ASSIGNMENT: Each line of the data below from the one holding "fun x => (x == e)%:R - (x == rev e)%:R." to the one holding "exists n (c", inclusive, is to be reproduced exactly; no other line belongs in the answer.

### MATERIAL FOR THIS TASK

(* Let $\mathbb{G}$ be a topological map embedded in a closed orientable surface of genus $g\ge0$ and let $\ell$ be a tame loop of $\mathbb{G}$. Let $\mathfrak{m}_\ell$ be the real vector space spanned by the Makeenko--Migdal vectors $\mu_v$, $v\in V_\ell$, and the 2-forms $d\omega_e$, $e\notin E_\ell$. Then $$\mathfrak{m}_\ell=\begin{cases}\{\alpha\in\Omega^2(\mathbb{G},\mathbb{R}):\langle\alpha,\mu_*\rangle=0\} & \text{if }[\ell]_\mathbb{R}\neq0,\\ \{\alpha\in\Omega^2(\mathbb{G},\mathbb{R}):\langle\alpha,\mu_*\rangle=\langle\alpha,n_\ell\rangle=0\} & \text{if }[\ell]_\mathbb{R}=0.\end{cases}$$
   Context: A map $\mathbb{G}=(V,E,F)$ is a graph embedded in the surface with all faces homeomorphic to discs; every edge $e$ comes with its reverse $e^{-1}$, and $E_+$ (resp. $F_+$) is a choice of one orientation per edge (resp. the positively oriented faces). $\Omega^0,\Omega^1,\Omega^2$ are the real-valued functions on $V$, on $E$ with $\omega(e^{-1})=-\omega(e)$, and on $F$ with $\mu(f^{-1})=-\mu(f)$; they carry the inner products making $(f_v)_{v\in V}$, $(\omega_e)_{e\in E_+}$, $(\mu_f)_{f\in F_+}$ orthonormal, where $f_v,\omega_e,\mu_f$ are the indicator forms ($\omega_{e^{-1}}=-\omega_e$). $d\omega(f)=\sum_{e\in\partial f}\omega(e)$ (sum over the edges of the boundary loop of $f$), $df(e)=f(\overline e)-f(\underline e)$, and $d^*$ is the adjoint of $d$. $\mu_*$ is the 2-form equal to $1$ on every $f\in F_+$. For a path $\ell=e_1\cdots e_n$, $\omega_\ell=\sum_i\omega_{e_i}$. The homology class $[\ell]_\mathbb{R}$ is the class of $\omega_\ell$ in $\ker(d^*:\Omega^1\to\Omega^0)/d^*(\Omega^2)$. If $[\ell]_\mathbb{R}=0$, the winding function $n_\ell\in\Omega^2$ is the unique 2-form with $d^*n_\ell=\omega_\ell$ and $\langle n_\ell,\mu_*\rangle=0$. A tame loop uses each unoriented edge at most once and each vertex at most twice, and at each vertex $v$ visited twice, labelling the four outgoing edges at $v$ used by $\ell$ (up to orientation) as $e_1,e_2,e_3,e_4$ in counterclockwise cyclic order, $\ell$ is cyclically equivalent to a loop of the form $\alpha e_1^{-1}e_3\beta e_2^{-1}e_4\gamma$; $V_\ell$ is the set of such vertices, and the Makeenko--Migdal vector at $v$ is $\mu_v=d\omega_{e_1}+d\omega_{e_3}=-d\omega_{e_2}-d\omega_{e_4}$. $E_\ell$ is the set of edges $e$ such that $\ell$ runs through $e$ or $e^{-1}$. *)

From HB Require Import structures.
From mathcomp Require Import all_boot all_order all_algebra fingroup perm.
From mathcomp Require Import reals.
Set Implicit Arguments. Unset Strict Implicit. Unset Printing Implicit Defensive.
Import Order.TTheory GRing.Theory Num.Theory.
Local Open Scope ring_scope.

(* A map G = (V,E,F) embedded in a closed orientable surface is encoded as a
   combinatorial map (rotation system):
   - D           : the set E of oriented edges (darts);
   - rev e       : the reverse e^{-1} of e (a fixed-point-free involution);
   - sigma e     : the next outgoing edge after e, counterclockwise, around
                   the source vertex of e.
   Vertices are the sigma-orbits (the vertex of e is its source \underline e,
   the target \overline e is the vertex of rev e).  The positively oriented
   faces are the orbits of  phi := sigma^{-1} \o rev  (the face lying to the
   left of e; its boundary loop is the phi-orbit of e, run counterclockwise).
   Every connected combinatorial map is a map on a closed orientable surface
   (of genus given by Euler's formula) with disc faces, and conversely. *)

Section Maps.
Variables (D : finType) (rev : D -> D) (sigma : {perm D}).

Definition is_map : Prop :=
  [/\ involutive rev, (forall x, rev x != x) &
      (forall x y, connect [rel a b | (b == sigma a) || (b == rev a)] x y)].

Definition same_vertex (x y : D) : bool := fconnect sigma x y.

Definition phi (x : D) : D := (sigma^-1)%g (rev x).

(* positively oriented faces F_+, represented by the roots of the phi-orbits *)
Definition face := {x : D | froots phi x}.

Variable R : realType.

Definition one_form (w : D -> R) : Prop := forall x, w (rev x) = - w x.

(* inner product on Omega^1: (omega_e)_{e in E_+} orthonormal, i.e.
   <w,w'> = sum_{e in E_+} w e * w' e = 1/2 sum_{e in E} w e * w' e *)
Definition ip1 (w w' : D -> R) : R := 2^-1 * \sum_(x : D) w x * w' x.

(* Omega^2 : functions on F_+ (extended by mu(f^{-1}) = - mu(f));
   inner product making (mu_f)_{f in F_+} orthonormal *)
Definition ip2 (a b : face -> R) : R := \sum_(f : face) a f * b f.

Definition d1 (w : D -> R) : face -> R :=
  fun f => \sum_(x : D | froot phi x == val f) w x.

Definition mustar : face -> R := fun _ => 1.

Definition omega_e (e : D) : D -> R :=
  fun x => (x == e)%:R - (x == rev e)%:R.

Definition omega_loop (l : seq D) : D -> R :=
  fun x => \sum_(e <- l) omega_e e x.

(* d^* mu = w  (d^* the adjoint of d : Omega^1 -> Omega^2), expressed by
   adjointness: <mu, d b> = <w, b> for every b in Omega^1 *)
Definition dstar2_eq (mu : face -> R) (w : D -> R) : Prop :=
  forall b, one_form b -> ip2 mu (d1 b) = ip1 w b.

(* [l]_R = 0 : omega_l lies in d^*(Omega^2) *)
Definition homology_zero (l : seq D) : Prop :=
  exists mu : face -> R, dstar2_eq mu (omega_loop l).

End Maps.

Section Loops.
Variables (D : finType) (rev : D -> D) (sigma : {perm D}).

Definition is_loop (l : seq D) : bool :=
  path.cycle (fun x y => same_vertex sigma (rev x) y) l.

Definition visits (l : seq D) (v : D) : nat :=
  count (fun x => same_vertex sigma v x) l.

(* At vertex v: e1,e2,e3,e4 are outgoing edges at v in counterclockwise
   cyclic order, and l is cyclically equivalent to
   alpha e1^{-1} e3 beta e2^{-1} e4 gamma. *)
Definition crossing (l : seq D) (v e1 e2 e3 e4 : D) : Prop :=
  [/\ [&& same_vertex sigma v e1, same_vertex sigma v e2,
          same_vertex sigma v e3 & same_vertex sigma v e4],
      (0 < findex sigma e1 e2 < findex sigma e1 e3)%N,
      (findex sigma e1 e3 < findex sigma e1 e4)%N &
      exists k (a b c : seq D),
        rot k l = a ++ [:: rev e1; e3] ++ b ++ [:: rev e2; e4] ++ c].

Definition tame (l : seq D) : Prop :=
  [/\ is_loop l,
      (forall x, count_mem x l + count_mem (rev x) l <= 1)%N,
      (forall v, visits l v <= 2)%N &
      (forall v, visits l v = 2%N ->
         exists e1 e2 e3 e4, crossing l v e1 e2 e3 e4)].

Variable R : realType.

Definition MMvec (l : seq D) (m : face rev sigma -> R) : Prop :=
  exists v e1 e2 e3 e4, visits l v = 2%N /\ crossing l v e1 e2 e3 e4 /\
    m =1 (fun f => d1 (omega_e rev R e1) f + d1 (omega_e rev R e3) f).

Definition mgen (l : seq D) (g : face rev sigma -> R) : Prop :=
  MMvec l g \/
  exists e, [/\ e \notin l, rev e \notin l & g =1 d1 (omega_e rev R e)].

Definition in_m (l : seq D) (a : face rev sigma -> R) : Prop :=
  exists n (c : 'I_n -> R) (g : 'I_n -> face rev sigma -> R),
    (forall i, mgen l (g i)) /\ a =1 (fun f => \sum_(i < n) c i * g i f).

End Loops.

From Pilot Require Import Defs.
From HB Require Import structures.
From mathcomp Require Import all_boot all_order all_algebra fingroup perm.
From mathcomp Require Import reals boolp.
From mathcomp Require Import lra.
Set Implicit Arguments. Unset Strict Implicit. Unset Printing Implicit Defensive.
Import Order.TTheory GRing.Theory Num.Theory.
Local Open Scope ring_scope.
Definition discrete_approximation (Gam : groupType) (d : Gam -> Gam -> R)
  (Gi : nat -> groupType) (f : forall i, Gi i -> Gam) : Prop :=
  (exists2 R0, 0 < R0 & exists i1, forall i, (i1 <= i)%N ->
     generated (f i @^-1` mball d 1%g R0) = setT /\ (f i @^-1` mball d 1%g R0) 1%g) /\
  forall Rr eps, 0 < Rr -> 0 < eps -> exists i0, forall i, (i0 <= i)%N ->
    [/\ finite_set (f i @^-1` mball d 1%g Rr),
        (forall x, mball d 1%g Rr x -> exists g, d (f i g) x < eps) &
        (forall g1 g2, (f i @^-1` mball d 1%g Rr) g1 -> (f i @^-1` mball d 1%g Rr) g2 ->
           d (f i (g1 * g2^-1)%g) (f i g1 * f i (g2^-1))%g <= eps)].

End Defs.

From HB Require Import structures.
From mathcomp Require Import all_boot all_order all_algebra.
From mathcomp Require Import all_classical all_reals topology normedtype derive.
From mathcomp Require Import lra.
Import Order.TTheory GRing.Theory Num.Theory.
Local Open Scope classical_set_scope.
Local Open Scope ring_scope.
Set Implicit Arguments.
Unset Strict Implicit.

(* For large i the map f_i is an eps-almost morphism on a large ball.  Since
   B_e(r) lies in the identity component, every point of B_e(r) is joined to e
   by a chain of small steps inside a fixed bounded ball; lifting such a chain
   through f_i writes every generator s of G_i as a product of elements u with
   f_i u tiny.  For such u and any t with f_i t in B_e(R_0 + 1),
   f_i (t^-1 u t) is close to f_i(t)^-1 f_i(u) f_i(t), which lies in B_e(r) by
   uniform continuity of right translations on bounded sets; hence
   t^-1 G_i t <= G_i.  The elements t with f_i t in B_e(R_0) generate Gamma_i,
   so G_i is normal.  Compactness of balls is replaced throughout by the finite
   nets that the discrete approximation provides. *)

Section FiniteBounds.
Variable R : realType.
(* For all integers $k,\ell\ge 0$, every blowup $G$ of $F_{k,\ell}$ satisfies $\chi(G)\le\lceil\frac54\omega(G)\rceil$.
   Context: For integers $k,\ell\ge 0$, $F_{k,\ell}$ is the graph whose vertex set is partitioned into $A,B,U,W,\{x,y,z\}$ where: $A=\{a_0,\dots,a_k\}$ is a clique, $U=\{u_1,\dots,u_k\}$ is a stable set, and the only edges between $A$ and $U$ are $a_iu_i$ ($1\le i\le k$); $B=\{b_0,\dots,b_\ell\}$ is a clique, $W=\{w_1,\dots,w_\ell\}$ is a stable set, and the only edges between $B$ and $W$ are $b_jw_j$ ($1\le j\le\ell$); $N(x)=A\cup U\cup W\cup\{y\}$, $N(y)=B\cup U\cup W\cup\{x\}$, $N(z)=A\cup B$. A blowup of $H$ is any graph whose vertex set can be partitioned into $|V(H)|$ (not necessarily non-empty) cliques $Q_v$, with $Q_u$ complete to $Q_v$ if $uv\in E(H)$ and no edges between them otherwise. *)

From mathcomp Require Import all_boot.
Set Implicit Arguments. Unset Strict Implicit. Unset Printing Implicit Defensive.

(* A (finite simple) graph is a symmetric irreflexive relation adj on a finType V. *)

(* Vertex set of F_{k,l}:
   inl (inl (inl i))  = a_i   (i : 'I_(k+1), i.e. a_0..a_k)
   inl (inl (inr j))  = u_(j+1) (j : 'I_k, i.e. u_1..u_k)
   inl (inr (inl i))  = b_i   (i : 'I_(l+1))
   inl (inr (inr j))  = w_(j+1) (j : 'I_l)
   inr 0 = x, inr 1 = y, inr 2 = z                                       *)
Definition FV (k l : nat) : finType :=
  (('I_k.+1 + 'I_k) + ('I_l.+1 + 'I_l) + 'I_3)%type.

Definition Fedge0 (k l : nat) (v w : FV k l) : bool :=
  match v, w with
  | inl (inl (inl _)), inl (inl (inl _)) => true
  | inl (inl (inl i)), inl (inl (inr j)) => nat_of_ord i == j.+1
  | inl (inr (inl _)), inl (inr (inl _)) => true
  | inl (inr (inl i)), inl (inr (inr j)) => nat_of_ord i == j.+1
  | inr t, inl (inl (inl _)) => (nat_of_ord t == 0) || (nat_of_ord t == 2)
  | inr t, inl (inl (inr _)) => (nat_of_ord t == 0) || (nat_of_ord t == 1)
  | inr t, inl (inr (inl _)) => (nat_of_ord t == 1) || (nat_of_ord t == 2)
  | inr t, inl (inr (inr _)) => (nat_of_ord t == 0) || (nat_of_ord t == 1)
  | inr t, inr s => (nat_of_ord t == 0) && (nat_of_ord s == 1)
  | _, _ => false
  end.

Definition Fadj (k l : nat) : rel (FV k l) :=
  fun v w => (v != w) && (Fedge0 v w || Fedge0 w v).

(* G (on V with adjacency adj) is a blowup of H (on VH with adjacency adjH):
   there is a map p : V -> VH (Q_h = p^-1(h), possibly empty) such that each
   Q_h is a clique, Q_h is complete to Q_h' if h h' adjacent, anticomplete otherwise. *)
Definition is_blowup (V VH : finType) (adj : rel V) (adjH : rel VH) : Prop :=
  exists p : V -> VH, forall x y : V, x != y ->
    adj x y = (p x == p y) || adjH (p x) (p y).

######

TASK RESPONSE:
  fun x => (x == e)%:R - (x == rev e)%:R.

Definition omega_loop (l : seq D) : D -> R :=
  fun x => \sum_(e <- l) omega_e e x.

(* d^* mu = w  (d^* the adjoint of d : Omega^1 -> Omega^2), expressed by
   adjointness: <mu, d b> = <w, b> for every b in Omega^1 *)
Definition dstar2_eq (mu : face -> R) (w : D -> R) : Prop :=
  forall b, one_form b -> ip2 mu (d1 b) = ip1 w b.

(* [l]_R = 0 : omega_l lies in d^*(Omega^2) *)
Definition homology_zero (l : seq D) : Prop :=
  exists mu : face -> R, dstar2_eq mu (omega_loop l).

End Maps.

Section Loops.
Variables (D : finType) (rev : D -> D) (sigma : {perm D}).

Definition is_loop (l : seq D) : bool :=
  path.cycle (fun x y => same_vertex sigma (rev x) y) l.

Definition visits (l : seq D) (v : D) : nat :=
  count (fun x => same_vertex sigma v x) l.

(* At vertex v: e1,e2,e3,e4 are outgoing edges at v in counterclockwise
   cyclic order, and l is cyclically equivalent to
   alpha e1^{-1} e3 beta e2^{-1} e4 gamma. *)
Definition crossing (l : seq D) (v e1 e2 e3 e4 : D) : Prop :=
  [/\ [&& same_vertex sigma v e1, same_vertex sigma v e2,
          same_vertex sigma v e3 & same_vertex sigma v e4],
      (0 < findex sigma e1 e2 < findex sigma e1 e3)%N,
      (findex sigma e1 e3 < findex sigma e1 e4)%N &
      exists k (a b c : seq D),
        rot k l = a ++ [:: rev e1; e3] ++ b ++ [:: rev e2; e4] ++ c].

Definition tame (l : seq D) : Prop :=
  [/\ is_loop l,
      (forall x, count_mem x l + count_mem (rev x) l <= 1)%N,
      (forall v, visits l v <= 2)%N &
      (forall v, visits l v = 2%N ->
         exists e1 e2 e3 e4, crossing l v e1 e2 e3 e4)].

Variable R : realType.

Definition MMvec (l : seq D) (m : face rev sigma -> R) : Prop :=
  exists v e1 e2 e3 e4, visits l v = 2%N /\ crossing l v e1 e2 e3 e4 /\
    m =1 (fun f => d1 (omega_e rev R e1) f + d1 (omega_e rev R e3) f).

Definition mgen (l : seq D) (g : face rev sigma -> R) : Prop :=
  MMvec l g \/
  exists e, [/\ e \notin l, rev e \notin l & g =1 d1 (omega_e rev R e)].

Definition in_m (l : seq D) (a : face rev sigma -> R) : Prop :=
  exists n (c : 'I_n -> R) (g : 'I_n -> face rev sigma -> R),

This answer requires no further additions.